• _SUPPLIED MATERIAL_

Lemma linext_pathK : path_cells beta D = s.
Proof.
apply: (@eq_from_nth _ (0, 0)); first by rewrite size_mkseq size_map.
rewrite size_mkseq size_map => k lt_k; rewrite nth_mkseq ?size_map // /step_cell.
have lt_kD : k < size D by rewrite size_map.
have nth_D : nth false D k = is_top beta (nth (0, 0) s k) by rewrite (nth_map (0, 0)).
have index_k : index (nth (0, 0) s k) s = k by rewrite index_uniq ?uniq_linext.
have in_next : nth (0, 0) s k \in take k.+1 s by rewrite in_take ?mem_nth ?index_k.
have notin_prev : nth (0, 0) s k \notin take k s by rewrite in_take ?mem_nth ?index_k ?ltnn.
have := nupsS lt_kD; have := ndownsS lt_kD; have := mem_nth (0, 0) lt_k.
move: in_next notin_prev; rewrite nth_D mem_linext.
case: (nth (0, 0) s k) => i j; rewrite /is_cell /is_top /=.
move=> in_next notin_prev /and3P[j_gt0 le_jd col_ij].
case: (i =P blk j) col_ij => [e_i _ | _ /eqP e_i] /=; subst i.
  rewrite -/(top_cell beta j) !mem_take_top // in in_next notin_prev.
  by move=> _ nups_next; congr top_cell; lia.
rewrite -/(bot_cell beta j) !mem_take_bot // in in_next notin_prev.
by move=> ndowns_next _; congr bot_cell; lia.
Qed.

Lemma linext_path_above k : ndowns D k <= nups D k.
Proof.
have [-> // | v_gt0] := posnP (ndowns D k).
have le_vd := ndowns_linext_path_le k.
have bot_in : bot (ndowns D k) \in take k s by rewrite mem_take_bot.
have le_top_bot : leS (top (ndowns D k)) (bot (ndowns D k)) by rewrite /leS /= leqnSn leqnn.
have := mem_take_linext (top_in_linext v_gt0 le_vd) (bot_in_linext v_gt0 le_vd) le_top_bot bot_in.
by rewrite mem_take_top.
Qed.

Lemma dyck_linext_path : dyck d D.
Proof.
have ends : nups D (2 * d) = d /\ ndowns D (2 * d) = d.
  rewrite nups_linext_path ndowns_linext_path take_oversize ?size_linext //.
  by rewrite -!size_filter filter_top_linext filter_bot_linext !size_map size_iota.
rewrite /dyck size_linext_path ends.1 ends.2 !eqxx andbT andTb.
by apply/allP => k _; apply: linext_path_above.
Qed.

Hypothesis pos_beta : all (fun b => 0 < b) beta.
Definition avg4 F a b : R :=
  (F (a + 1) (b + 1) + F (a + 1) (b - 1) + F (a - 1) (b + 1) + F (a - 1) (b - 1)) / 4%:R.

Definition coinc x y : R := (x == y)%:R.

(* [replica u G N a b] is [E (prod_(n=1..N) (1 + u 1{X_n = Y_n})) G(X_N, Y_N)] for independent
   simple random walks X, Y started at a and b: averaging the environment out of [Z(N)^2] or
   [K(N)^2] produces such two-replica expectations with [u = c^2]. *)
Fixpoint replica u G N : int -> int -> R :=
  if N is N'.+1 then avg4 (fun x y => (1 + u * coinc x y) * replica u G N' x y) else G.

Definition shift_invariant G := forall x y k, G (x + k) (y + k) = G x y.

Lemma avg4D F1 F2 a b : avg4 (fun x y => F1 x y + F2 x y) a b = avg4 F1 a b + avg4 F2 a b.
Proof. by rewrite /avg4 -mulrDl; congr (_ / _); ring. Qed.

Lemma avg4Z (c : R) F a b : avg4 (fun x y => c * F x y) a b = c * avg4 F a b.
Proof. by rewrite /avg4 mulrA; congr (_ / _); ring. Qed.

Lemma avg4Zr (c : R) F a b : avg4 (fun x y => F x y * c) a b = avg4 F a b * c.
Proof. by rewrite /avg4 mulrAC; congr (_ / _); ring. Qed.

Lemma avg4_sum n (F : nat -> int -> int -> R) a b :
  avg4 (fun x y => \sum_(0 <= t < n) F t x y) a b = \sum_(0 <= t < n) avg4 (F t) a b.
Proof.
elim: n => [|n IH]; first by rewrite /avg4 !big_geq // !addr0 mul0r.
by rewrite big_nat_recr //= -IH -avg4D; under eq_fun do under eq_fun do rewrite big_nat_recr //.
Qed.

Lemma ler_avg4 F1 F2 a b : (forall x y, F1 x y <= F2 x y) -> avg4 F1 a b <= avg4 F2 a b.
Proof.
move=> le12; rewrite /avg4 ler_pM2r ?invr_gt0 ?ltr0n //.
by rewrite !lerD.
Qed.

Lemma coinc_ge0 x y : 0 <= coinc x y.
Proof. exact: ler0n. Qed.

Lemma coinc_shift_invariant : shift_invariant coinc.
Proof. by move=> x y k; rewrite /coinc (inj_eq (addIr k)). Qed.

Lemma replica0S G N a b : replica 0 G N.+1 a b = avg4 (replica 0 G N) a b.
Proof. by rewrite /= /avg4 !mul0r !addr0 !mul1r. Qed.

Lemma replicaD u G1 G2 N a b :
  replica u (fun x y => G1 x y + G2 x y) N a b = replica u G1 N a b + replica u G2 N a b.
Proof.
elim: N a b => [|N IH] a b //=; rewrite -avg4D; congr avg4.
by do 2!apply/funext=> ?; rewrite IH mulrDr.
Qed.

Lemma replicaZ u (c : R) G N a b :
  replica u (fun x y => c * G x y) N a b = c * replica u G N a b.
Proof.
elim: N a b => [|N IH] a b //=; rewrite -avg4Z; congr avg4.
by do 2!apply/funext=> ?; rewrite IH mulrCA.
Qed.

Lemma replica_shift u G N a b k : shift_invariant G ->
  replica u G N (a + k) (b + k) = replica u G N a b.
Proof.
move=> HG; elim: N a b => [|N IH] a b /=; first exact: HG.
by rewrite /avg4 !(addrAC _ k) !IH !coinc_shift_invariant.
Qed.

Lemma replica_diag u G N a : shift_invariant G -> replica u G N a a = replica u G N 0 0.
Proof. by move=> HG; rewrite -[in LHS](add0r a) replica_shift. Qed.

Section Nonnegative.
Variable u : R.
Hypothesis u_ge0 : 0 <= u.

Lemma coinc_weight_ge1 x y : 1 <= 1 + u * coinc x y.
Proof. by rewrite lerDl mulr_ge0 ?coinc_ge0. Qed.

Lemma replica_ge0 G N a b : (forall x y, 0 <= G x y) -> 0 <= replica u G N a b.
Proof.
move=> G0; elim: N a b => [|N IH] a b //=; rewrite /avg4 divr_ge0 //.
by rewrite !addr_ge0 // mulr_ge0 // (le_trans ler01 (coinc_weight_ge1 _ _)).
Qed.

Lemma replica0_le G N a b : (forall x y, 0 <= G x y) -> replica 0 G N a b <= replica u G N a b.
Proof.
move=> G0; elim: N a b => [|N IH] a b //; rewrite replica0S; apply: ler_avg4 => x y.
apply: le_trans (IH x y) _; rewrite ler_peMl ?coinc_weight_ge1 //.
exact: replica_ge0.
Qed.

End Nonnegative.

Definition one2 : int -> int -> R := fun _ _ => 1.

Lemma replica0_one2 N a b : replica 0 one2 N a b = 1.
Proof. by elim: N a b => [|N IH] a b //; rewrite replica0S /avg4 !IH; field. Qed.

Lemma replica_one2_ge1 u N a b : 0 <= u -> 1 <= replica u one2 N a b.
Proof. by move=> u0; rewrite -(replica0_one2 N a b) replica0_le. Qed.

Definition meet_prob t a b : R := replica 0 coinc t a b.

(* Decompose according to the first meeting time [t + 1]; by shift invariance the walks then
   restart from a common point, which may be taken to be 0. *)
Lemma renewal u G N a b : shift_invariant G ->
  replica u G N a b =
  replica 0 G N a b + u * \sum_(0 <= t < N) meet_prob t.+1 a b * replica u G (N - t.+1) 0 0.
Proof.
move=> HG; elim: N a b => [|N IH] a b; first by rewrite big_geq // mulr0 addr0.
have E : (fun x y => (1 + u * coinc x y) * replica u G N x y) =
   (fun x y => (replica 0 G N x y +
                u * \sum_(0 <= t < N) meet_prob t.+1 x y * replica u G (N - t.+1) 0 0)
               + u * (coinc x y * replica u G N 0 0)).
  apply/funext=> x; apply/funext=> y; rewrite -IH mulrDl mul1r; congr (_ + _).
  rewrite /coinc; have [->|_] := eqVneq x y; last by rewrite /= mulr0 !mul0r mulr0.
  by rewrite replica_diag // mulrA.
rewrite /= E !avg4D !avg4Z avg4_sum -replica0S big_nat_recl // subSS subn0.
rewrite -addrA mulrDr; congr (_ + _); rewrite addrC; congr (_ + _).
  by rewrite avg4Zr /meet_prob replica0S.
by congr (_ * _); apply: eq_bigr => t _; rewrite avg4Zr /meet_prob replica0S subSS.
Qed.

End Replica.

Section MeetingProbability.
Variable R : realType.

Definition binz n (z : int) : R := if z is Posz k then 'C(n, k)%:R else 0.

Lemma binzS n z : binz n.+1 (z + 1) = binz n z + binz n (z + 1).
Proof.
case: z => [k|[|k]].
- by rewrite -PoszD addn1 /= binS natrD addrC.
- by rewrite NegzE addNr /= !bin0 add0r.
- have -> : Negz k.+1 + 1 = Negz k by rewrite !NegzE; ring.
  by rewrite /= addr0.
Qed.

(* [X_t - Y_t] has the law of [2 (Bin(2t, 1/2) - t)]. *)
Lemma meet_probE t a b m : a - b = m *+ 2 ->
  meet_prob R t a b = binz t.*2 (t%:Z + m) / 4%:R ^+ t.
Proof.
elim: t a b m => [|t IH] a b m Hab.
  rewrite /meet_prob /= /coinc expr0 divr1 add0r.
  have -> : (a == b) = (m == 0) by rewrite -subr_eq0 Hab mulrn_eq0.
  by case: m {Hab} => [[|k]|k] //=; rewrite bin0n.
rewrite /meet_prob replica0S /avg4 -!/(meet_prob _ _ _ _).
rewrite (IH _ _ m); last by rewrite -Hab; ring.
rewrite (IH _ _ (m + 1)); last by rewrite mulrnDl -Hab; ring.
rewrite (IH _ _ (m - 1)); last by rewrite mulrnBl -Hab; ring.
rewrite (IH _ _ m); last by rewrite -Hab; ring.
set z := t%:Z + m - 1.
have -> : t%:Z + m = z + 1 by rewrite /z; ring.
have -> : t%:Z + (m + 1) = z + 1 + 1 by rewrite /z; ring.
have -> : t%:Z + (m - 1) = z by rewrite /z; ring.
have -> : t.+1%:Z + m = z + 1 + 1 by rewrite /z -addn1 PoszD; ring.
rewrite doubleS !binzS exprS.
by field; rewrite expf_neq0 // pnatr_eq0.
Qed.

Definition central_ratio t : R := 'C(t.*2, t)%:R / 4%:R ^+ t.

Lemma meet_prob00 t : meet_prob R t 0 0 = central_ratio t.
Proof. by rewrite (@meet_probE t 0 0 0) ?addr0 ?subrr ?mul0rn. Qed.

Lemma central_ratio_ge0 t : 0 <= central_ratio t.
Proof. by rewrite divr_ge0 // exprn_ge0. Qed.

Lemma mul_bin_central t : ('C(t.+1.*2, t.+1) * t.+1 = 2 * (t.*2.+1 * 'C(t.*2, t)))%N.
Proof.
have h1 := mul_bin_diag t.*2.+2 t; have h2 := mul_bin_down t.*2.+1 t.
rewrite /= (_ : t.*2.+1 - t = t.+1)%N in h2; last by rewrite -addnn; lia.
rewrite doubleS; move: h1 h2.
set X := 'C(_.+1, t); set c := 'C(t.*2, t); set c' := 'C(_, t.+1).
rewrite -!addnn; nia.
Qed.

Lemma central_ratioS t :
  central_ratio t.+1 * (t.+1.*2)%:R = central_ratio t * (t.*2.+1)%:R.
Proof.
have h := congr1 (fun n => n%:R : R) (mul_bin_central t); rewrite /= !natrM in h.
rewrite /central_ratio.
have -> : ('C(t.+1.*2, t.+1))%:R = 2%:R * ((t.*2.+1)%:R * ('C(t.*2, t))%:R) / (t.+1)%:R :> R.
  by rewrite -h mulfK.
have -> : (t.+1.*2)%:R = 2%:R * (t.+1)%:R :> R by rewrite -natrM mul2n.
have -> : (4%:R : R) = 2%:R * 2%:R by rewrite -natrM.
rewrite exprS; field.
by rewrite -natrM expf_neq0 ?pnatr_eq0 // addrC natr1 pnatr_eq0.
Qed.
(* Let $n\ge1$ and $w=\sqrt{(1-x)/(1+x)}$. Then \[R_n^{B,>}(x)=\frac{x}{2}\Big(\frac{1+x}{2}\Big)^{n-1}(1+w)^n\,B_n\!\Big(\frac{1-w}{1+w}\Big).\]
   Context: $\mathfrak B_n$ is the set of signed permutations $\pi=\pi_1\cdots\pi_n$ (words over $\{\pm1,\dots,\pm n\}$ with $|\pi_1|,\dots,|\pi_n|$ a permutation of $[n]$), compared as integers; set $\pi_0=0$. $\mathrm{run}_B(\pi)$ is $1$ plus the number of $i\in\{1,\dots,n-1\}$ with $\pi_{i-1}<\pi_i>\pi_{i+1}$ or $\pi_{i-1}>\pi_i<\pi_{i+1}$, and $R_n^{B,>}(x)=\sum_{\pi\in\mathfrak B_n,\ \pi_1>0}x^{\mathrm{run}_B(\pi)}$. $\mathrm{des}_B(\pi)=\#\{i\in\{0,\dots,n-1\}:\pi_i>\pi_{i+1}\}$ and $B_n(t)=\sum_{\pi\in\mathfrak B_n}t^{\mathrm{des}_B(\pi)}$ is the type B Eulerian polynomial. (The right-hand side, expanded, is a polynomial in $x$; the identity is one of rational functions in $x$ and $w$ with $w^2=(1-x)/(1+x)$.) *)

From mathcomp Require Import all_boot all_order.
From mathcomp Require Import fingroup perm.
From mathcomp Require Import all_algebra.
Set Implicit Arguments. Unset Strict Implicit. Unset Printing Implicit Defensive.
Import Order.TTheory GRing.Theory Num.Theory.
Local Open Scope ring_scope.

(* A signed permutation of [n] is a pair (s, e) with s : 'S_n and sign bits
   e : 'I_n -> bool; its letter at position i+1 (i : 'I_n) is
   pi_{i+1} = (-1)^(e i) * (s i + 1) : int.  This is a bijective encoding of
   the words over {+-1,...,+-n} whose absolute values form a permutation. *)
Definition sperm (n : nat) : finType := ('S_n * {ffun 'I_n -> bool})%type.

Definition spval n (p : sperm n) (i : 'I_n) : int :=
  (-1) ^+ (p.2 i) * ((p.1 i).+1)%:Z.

• _WORK TASK_
Would you print exactly, and only, the lines of the data above from the line with "Lemma linext_path_above k" through the line with "Fixpoint replica u", inclusive?

• _ANSWER AREA_
Lemma linext_path_above k : ndowns D k <= nups D k.
Proof.
have [-> // | v_gt0] := posnP (ndowns D k).
have le_vd := ndowns_linext_path_le k.
have bot_in : bot (ndowns D k) \in take k s by rewrite mem_take_bot.
have le_top_bot : leS (top (ndowns D k)) (bot (ndowns D k)) by rewrite /leS /= leqnSn leqnn.
have := mem_take_linext (top_in_linext v_gt0 le_vd) (bot_in_linext v_gt0 le_vd) le_top_bot bot_in.
by rewrite mem_take_top.
Qed.

Lemma dyck_linext_path : dyck d D.
Proof.
have ends : nups D (2 * d) = d /\ ndowns D (2 * d) = d.
  rewrite nups_linext_path ndowns_linext_path take_oversize ?size_linext //.
  by rewrite -!size_filter filter_top_linext filter_bot_linext !size_map size_iota.
rewrite /dyck size_linext_path ends.1 ends.2 !eqxx andbT andTb.
by apply/allP => k _; apply: linext_path_above.
Qed.

Hypothesis pos_beta : all (fun b => 0 < b) beta.
Definition avg4 F a b : R :=
  (F (a + 1) (b + 1) + F (a + 1) (b - 1) + F (a - 1) (b + 1) + F (a - 1) (b - 1)) / 4%:R.

Definition coinc x y : R := (x == y)%:R.

(* [replica u G N a b] is [E (prod_(n=1..N) (1 + u 1{X_n = Y_n})) G(X_N, Y_N)] for independent
   simple random walks X, Y started at a and b: averaging the environment out of [Z(N)^2] or
   [K(N)^2] produces such two-replica expectations with [u = c^2]. *)
Fixpoint replica u G N : int -> int -> R :=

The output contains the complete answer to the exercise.